ROMA – “La Riforma dell’ordinamento forense, in vigore ormai da diversi anni, ha ridotto il periodo di pratica forense da 24 a 18 mesi e per i giovani praticanti si tratta di un grosso inganno, perché non hanno la possibilità di assistere clienti a nome proprio nelle cause, ma solo di sostituire il titolare dello studio presso il quale svolgono la pratica”. Così l’avvocato Stefano Galeani, consigliere dell’Ordine degli Avvocati di Roma, nel corso di una intervista video rilasciata al direttore della Dire, Nicola Perrone. “In questo modo i giovani praticanti, dopo aver superato l’esame si ritrovano senza una pur minima clientela. Credo che questa, in assoluto, sia la cosa che li danneggi maggiormente e che li sta facendo anche allontanare dalla professione. Sembra che oggi ci sia una piccola ripresa nelle iscrizioni all’albo dei praticanti, ma a mio avviso è dettata dalla mancanza di concorsi o da altri sbocchi nel mondo lavorativo”.
L’intento della Riforma, almeno “quello dichiarato- sottolinea il legale- era quello di agevolare i giovani nell’accesso alla professione, ma si è fatto solo un danno”. Racconta l’avvocato Galeani al direttore Perrone: “Quando feci io la pratica, dopo un anno si era abilitati ad esercitare a proprio nome la professione, entro determinati limiti, e si poteva introdurre o promuovere cause oppure difendere persone dinanzi alla Pretura o al Giudice conciliatore. Questo serviva come ‘palestra’ sia per responsabilizzare il praticante, perché quando si firma un atto a nome proprio ci si sente necessariamente più responsabilizzati e si sta anche più attenti, sia per cominciare ad avere un minimo di clientela, aspetto fondamentale per la professione. Si possono infatti avere tutte le specializzazioni del mondo, ma se non si hanno i clienti non servono a nulla. L’anno di abilitazione, quindi, serviva proprio a questo, a seguire piccole cause che però facevano prendere maggiore padronanza nelle Aule di giustizia e acquisire clientela”.
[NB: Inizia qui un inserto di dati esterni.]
(* Let $\lambda>0$ and $\mu=\nu>0$, and equip $S^3$ with the generalised Berger metric $g$ described in the context. For $\theta\in(0,\pi/2)$ let $T^2_\theta\subset S^3$ be the torus $\{(\cos\theta\, e^{i\alpha},\sin\theta\, e^{i\beta}):\alpha,\beta\in\mathbb R\}$, and let $H_g$ be its mean curvature vector in $(S^3,g)$. Then for every real number $C\ge 0$ there exists $\theta\in(0,\pi/2)$ such that the mean curvature of $T^2_\theta$ is constant with $\|H_g\|\equiv C$. For $C=0$ such a torus in this family is unique, and for $C>0$ there exist exactly two such tori in this family.
   Context: $S^3=\{(z,w)\in\mathbb C^2: |z|^2+|w|^2=1\}$ is a Lie group with multiplication $(z_1,w_1)\cdot(z_2,w_2)=(z_1z_2-\bar w_1w_2,\ \bar z_1w_2+w_1z_2)$ and inverse $(z,w)^{-1}=(\bar z,-w)$; the same formula defines $p\cdot v$ for $v\in\mathbb C^2$. Let $\langle (z_1,w_1),(z_2,w_2)\rangle=\mathrm{Re}(z_1\bar z_2+w_1\bar w_2)$. For $\lambda,\mu,\nu>0$ the left-invariant Riemannian metric $g$ is $g_p(A,B)=\lambda^2\langle p^{-1}A,(i,0)\rangle\langle p^{-1}B,(i,0)\rangle+\mu^2\langle p^{-1}A,(0,-1)\rangle\langle p^{-1}B,(0,-1)\rangle+\nu^2\langle p^{-1}A,(0,i)\rangle\langle p^{-1}B,(0,i)\rangle+\langle p^{-1}A,(1,0)\rangle\langle p^{-1}B,(1,0)\rangle$ for $A,B\in T_pS^3$. For a surface $T$ in $(S^3,g)$ with $g$-orthonormal tangent basis $V_1,V_2$ at $p$, the mean curvature vector is $H_g=\tfrac12(B(V_1,V_1)+B(V_2,V_2))$, where $B$ is the second fundamental form (normal component of the covariant derivative), and $\|H_g\|=\sqrt{g(H_g,H_g)}$. *)

From Stdlib Require Import Reals.
From Coquelicot Require Import Coquelicot.
Open Scope R_scope.

Definition C2 := (C * C)%type.

Definition c2mul (p q : C2) : C2 :=
  let (z1, w1) := p in let (z2, w2) := q in
  (Cminus (Cmult z1 z2) (Cmult (Cconj w1) w2),
   Cplus (Cmult (Cconj z1) w2) (Cmult w1 z2)).

Definition c2inv (p : C2) : C2 := let (z, w) := p in (Cconj z, Copp w).

Definition c2ip (p q : C2) : R :=
  let (z1, w1) := p in let (z2, w2) := q in
  Re (Cplus (Cmult z1 (Cconj z2)) (Cmult w1 (Cconj w2))).

Definition eI  : C2 := (Ci, RtoC 0).
Definition eJ  : C2 := (RtoC 0, RtoC (-1)).
Definition eK  : C2 := (RtoC 0, Ci).
Definition e1C : C2 := (RtoC 1, RtoC 0).

Definition gmet (lam mu nu : R) (p A B : C2) : R :=
  let a := c2mul (c2inv p) A in let b := c2mul (c2inv p) B in
  lam ^ 2 * c2ip a eI * c2ip b eI
  + mu ^ 2 * c2ip a eJ * c2ip b eJ
  + nu ^ 2 * c2ip a eK * c2ip b eK
  + c2ip a e1C * c2ip b e1C.

(** Local coordinates (theta, alpha, beta) on S^3 (Hopf coordinates):
    phi(theta,alpha,beta) = (cos theta e^{i alpha}, sin theta e^{i beta}).
    The torus T^2_theta is the coordinate surface {theta = const}. *)
Inductive crd : Type := Cth | Cal | Cbe.
Definition crds : list crd := Cth :: Cal :: Cbe :: nil.
Definition crd_eqb (i j : crd) : bool :=
  match i, j with
  | Cth, Cth | Cal, Cal | Cbe, Cbe => true
  | _, _ => false
  end.

Definition vec := crd -> R.
Definition upd (x : vec) (i : crd) (s : R) : vec :=
  fun j => if crd_eqb i j then s else x j.
Definition mkpt (th al be : R) : vec :=
  fun j => match j with Cth => th | Cal => al | Cbe => be end.

Definition pd (f : vec -> R) (i : crd) (x : vec) : R :=
  Derive (fun s => f (upd x i s)) (x i).

Definition sum3 (f : crd -> R) : R := f Cth + f Cal + f Cbe.

Definition chart (x : vec) : C2 :=
  ((cos (x Cth) * cos (x Cal), cos (x Cth) * sin (x Cal)),
   (sin (x Cth) * cos (x Cbe), sin (x Cth) * sin (x Cbe))).

Definition dchart (i : crd) (x : vec) : C2 :=
  ((pd (fun y => fst (fst (chart y))) i x, pd (fun y => snd (fst (chart y))) i x),
   (pd (fun y => fst (snd (chart y))) i x, pd (fun y => snd (snd (chart y))) i x)).

Section Geo.
Variables lam mu nu : R.

Definition gij (x : vec) (i j : crd) : R :=
  gmet lam mu nu (chart x) (dchart i x) (dchart j x).

Definition gc (x : vec) (v w : vec) : R :=
  sum3 (fun i => sum3 (fun j => v i * w j * gij x i j)).

(** Christoffel symbols of the first kind of the Levi-Civita connection:
    Gam x i j l = g(nabla_{d_i} d_j, d_l). *)
Definition Gam (x : vec) (i j l : crd) : R :=
  / 2 * (pd (fun y => gij y j l) i x + pd (fun y => gij y i l) j x
         - pd (fun y => gij y i j) l x).

Definition gnabla (x : vec) (v n : vec) : R :=
  sum3 (fun i => sum3 (fun j => sum3 (fun l => v i * v j * n l * Gam x i j l))).

(** Mean curvature vector (coordinate coefficients) of the surface {theta = const}
    at x, from a g-orthonormal tangent basis v1, v2 and a unit normal n:
    H = 1/2 (B(V1,V1) + B(V2,V2)), B(V,V) = normal component of nabla_V V
    = g(nabla_V V, N) N. *)
Definition Hvec (x : vec) (v1 v2 n : vec) : vec :=
  fun l => / 2 * (gnabla x v1 n + gnabla x v2 n) * n l.

Definition Hnorm (x : vec) (v1 v2 n : vec) : R :=
  sqrt (gc x (Hvec x v1 v2 n) (Hvec x v1 v2 n)).

Definition torus_cmc (th Cst : R) : Prop :=
  forall al be : R, forall v1 v2 n : vec,
    let x := mkpt th al be in
    v1 Cth = 0 -> v2 Cth = 0 ->
    gc x v1 v1 = 1 -> gc x v2 v2 = 1 -> gc x v1 v2 = 0 ->
    gc x n v1 = 0 -> gc x n v2 = 0 -> gc x n n = 1 ->
    Hnorm x v1 v2 n = Cst.

End Geo.

(* In Hopf coordinates (θ, α, β) and for μ = ν, the metric coefficients depend on θ only,
   ∂θ is g-orthogonal to the tori with |∂θ| = μ, and the Gram matrix G(θ) of ∂α, ∂β has
   det G = λ² μ² cos²θ sin²θ.  So the unit normal of T²_θ is ±∂θ/μ, the second fundamental
   form is B(V, V) = -½ ∂θ g(V, V) in that direction, and summing over an orthonormal frame
   gives ‖H‖ = |tr (G⁻¹ G')| / (4μ) = |(log det G)'| / (4μ) = |cot 2θ| / μ.  The equation
   ‖H‖ = C thus reads 2θ - π/2 = ± atan (Cμ): two roots in (0, π/2), equal iff C = 0. *)

From Stdlib Require Import Reals Lra Nsatz.
From Coquelicot Require Import Coquelicot.
Open Scope R_scope.

Definition sym2_form (a b d p q p' q' : R) : R :=
  a * p * p' + b * (p * q' + q * p') + d * q * q'.

Definition orthonormal2 (a b d p1 q1 p2 q2 : R) : Prop :=
  sym2_form a b d p1 q1 p1 q1 = 1 /\ sym2_form a b d p2 q2 p2 q2 = 1 /\
  sym2_form a b d p1 q1 p2 q2 = 0.

Lemma orthonormal2_orthogonal_eq0 a b d p1 q1 p2 q2 x y :
  a * d - b * b <> 0 -> orthonormal2 a b d p1 q1 p2 q2 ->
  sym2_form a b d x y p1 q1 = 0 -> sym2_form a b d x y p2 q2 = 0 ->
  x = 0 /\ y = 0.
Proof.
  unfold orthonormal2, sym2_form; intros Hdet [H11 [H22 H12]] H1 H2.
  assert (Hx : x * (a * d - b * b) = 0) by nsatz.
  assert (Hy : y * (a * d - b * b) = 0) by nsatz.
  split; [apply Rmult_integral in Hx | apply Rmult_integral in Hy]; tauto.
Qed.

(* Σ_k G'(v_k, v_k) = tr (G⁻¹ G') for a G-orthonormal frame (v_1, v_2), times det G. *)
Lemma orthonormal2_trace a b d a' b' d' p1 q1 p2 q2 :
  orthonormal2 a b d p1 q1 p2 q2 ->
  (sym2_form a' b' d' p1 q1 p1 q1 + sym2_form a' b' d' p2 q2 p2 q2) * (a * d - b * b)
  = d * a' - 2 * b * b' + a * d'.
Proof. unfold orthonormal2, sym2_form; intros [H11 [H22 H12]]; nsatz. Qed.

Lemma tan_double_sub_PI2 x : sin x <> 0 -> cos x <> 0 ->
  tan (2 * x - PI / 2) = (sin x ^ 2 - cos x ^ 2) / (2 * sin x * cos x).
Proof.
  intros Hs Hc; unfold tan.
  rewrite sin_minus, cos_minus, cos_PI2, sin_PI2, sin_2a, cos_2a; field; lra.
Qed.

Lemma atan_pos c : 0 < c -> 0 < atan c.
Proof. intro Hc; rewrite <- atan_0; apply atan_increasing; auto. Qed.

Lemma atan_nonneg c : 0 <= c -> 0 <= atan c.
Proof. intros [Hc | <-]; [left; apply atan_pos | rewrite atan_0; right]; auto. Qed.

Lemma Rabs_tan_eq x c : - (PI / 2) < x < PI / 2 -> 0 <= c ->
  Rabs (tan x) = c <-> x = atan c \/ x = - atan c.
Proof.
  intros Hx Hc; split.
  - intro H; rewrite <- (atan_tan x Hx).
    destruct (Rcase_abs (tan x)) as [Hneg | Hpos].
    + rewrite Rabs_left in H by auto.
      right; rewrite <- atan_opp; f_equal; lra.
    + rewrite Rabs_right in H by auto.
      left; f_equal; lra.
  - intros [-> | ->]; rewrite ?tan_neg, ?Rabs_Ropp, tan_atan; apply Rabs_pos_eq; auto.
Qed.

Lemma dchart_th y : dchart Cth y =
  ((- sin (y Cth) * cos (y Cal), - sin (y Cth) * sin (y Cal)),
   (cos (y Cth) * cos (y Cbe), cos (y Cth) * sin (y Cbe))).
Proof.
  unfold dchart, pd, chart, upd; simpl.
  repeat f_equal; apply is_derive_unique; auto_derive; auto; ring.
Qed.

Lemma dchart_al y : dchart Cal y =
  ((- cos (y Cth) * sin (y Cal), cos (y Cth) * cos (y Cal)), (0, 0)).
Proof.
  unfold dchart, pd, chart, upd; simpl.
  repeat f_equal; apply is_derive_unique; auto_derive; auto; ring.
Qed.

Lemma dchart_be y : dchart Cbe y =
  ((0, 0), (- sin (y Cth) * sin (y Cbe), sin (y Cth) * cos (y Cbe))).
Proof.
  unfold dchart, pd, chart, upd; simpl.
  repeat f_equal; apply is_derive_unique; auto_derive; auto; ring.
Qed.

Lemma Hnorm_unit_normal lam mu nu x v1 v2 n : gc lam mu nu x n n = 1 ->
  Hnorm lam mu nu x v1 v2 n
  = Rabs (/ 2 * (gnabla lam mu nu x v1 n + gnabla lam mu nu x v2 n)).
Proof.
  intro Hn; unfold Hnorm, Hvec.
  set (h := / 2 * _).
  replace (gc _ _ _ x _ _) with (h² * gc lam mu nu x n n)
    by (unfold gc, sum3, Rsqr; ring).
  rewrite Hn, Rmult_1_r; apply sqrt_Rsqr_abs.
Qed.

Definition adapted_frame lam mu nu (x v1 v2 n : vec) : Prop :=
  v1 Cth = 0 /\ v2 Cth = 0 /\
  gc lam mu nu x v1 v1 = 1 /\ gc lam mu nu x v2 v2 = 1 /\ gc lam mu nu x v1 v2 = 0 /\
  gc lam mu nu x n v1 = 0 /\ gc lam mu nu x n v2 = 0 /\ gc lam mu nu x n n = 1.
Un’altra modifica legislativa per l’accesso alla professione, prosegue l’avvocato Stefano Galeani, “ha previsto unitamente ai 18 mesi di praticantato l’obbligo di iscrizione alle scuole forensi per poter sostenere l’esame di avvocato. È un altro aspetto che non riesco a comprendere, abbiamo ragazzi che dopo 5 anni di università intraprendono il percorso della pratica, che dovrebbe essere formativo ma così non lo è, e devono obbligatoriamente iscriversi anche presso le scuole di formazione per ulteriori 18 mesi. Un modo, questo, che contribuisce a sottrarre altro tempo alla pratica in uno studio. Inoltre, si tratta di tutte scuole a pagamento, compresa quella dell’Ordine seppur quest’ultima con costi limitati se si rientra in un determinato reddito familiare, per cui le famiglie sono costrette a sopportare un ulteriore costo dopo quello universitario. E se nelle scuole si riparte poi dalla teoria, come accade, capiamo bene che servono a poco se non a far guadagnare chi le ha create”.
Infine, c’è anche l’iscrizione alla Cassa Forense, che “in generale non è amata neppure dagli avvocati con 30 o 40 anni di professione perché ha una serie di costi, che però sono ancora più pesanti da sostenere per i giovani avvocati- sottolinea l’avvocato Galeani- e l’iscrizione alla Cassa, purtroppo, è condizione per l’iscrizione all’Albo per cui bisogna versare il contributo annuale alla Cassa di previdenza stessa. In passato se un avvocato non raggiungeva un determinato limite di reddito era esentato dall’iscrizione, mentre oggi si è passati all’esatto contrario, cioè il giovane avvocato, il giorno stesso in cui si iscrive all’Albo è automaticamente iscritto alla Cassa Forense e deve iniziare a pagare, pur non guadagnando ancora un euro. Una via mediana sarebbe senz’altro più giusta per i giovani, che molto spesso dopo un anno che pagano la Cassa e non sono ancora in grado di sostenerne i costi si vedono costretti a cancellarsi dall’Albo degli Avvocati”, conclude Galeani.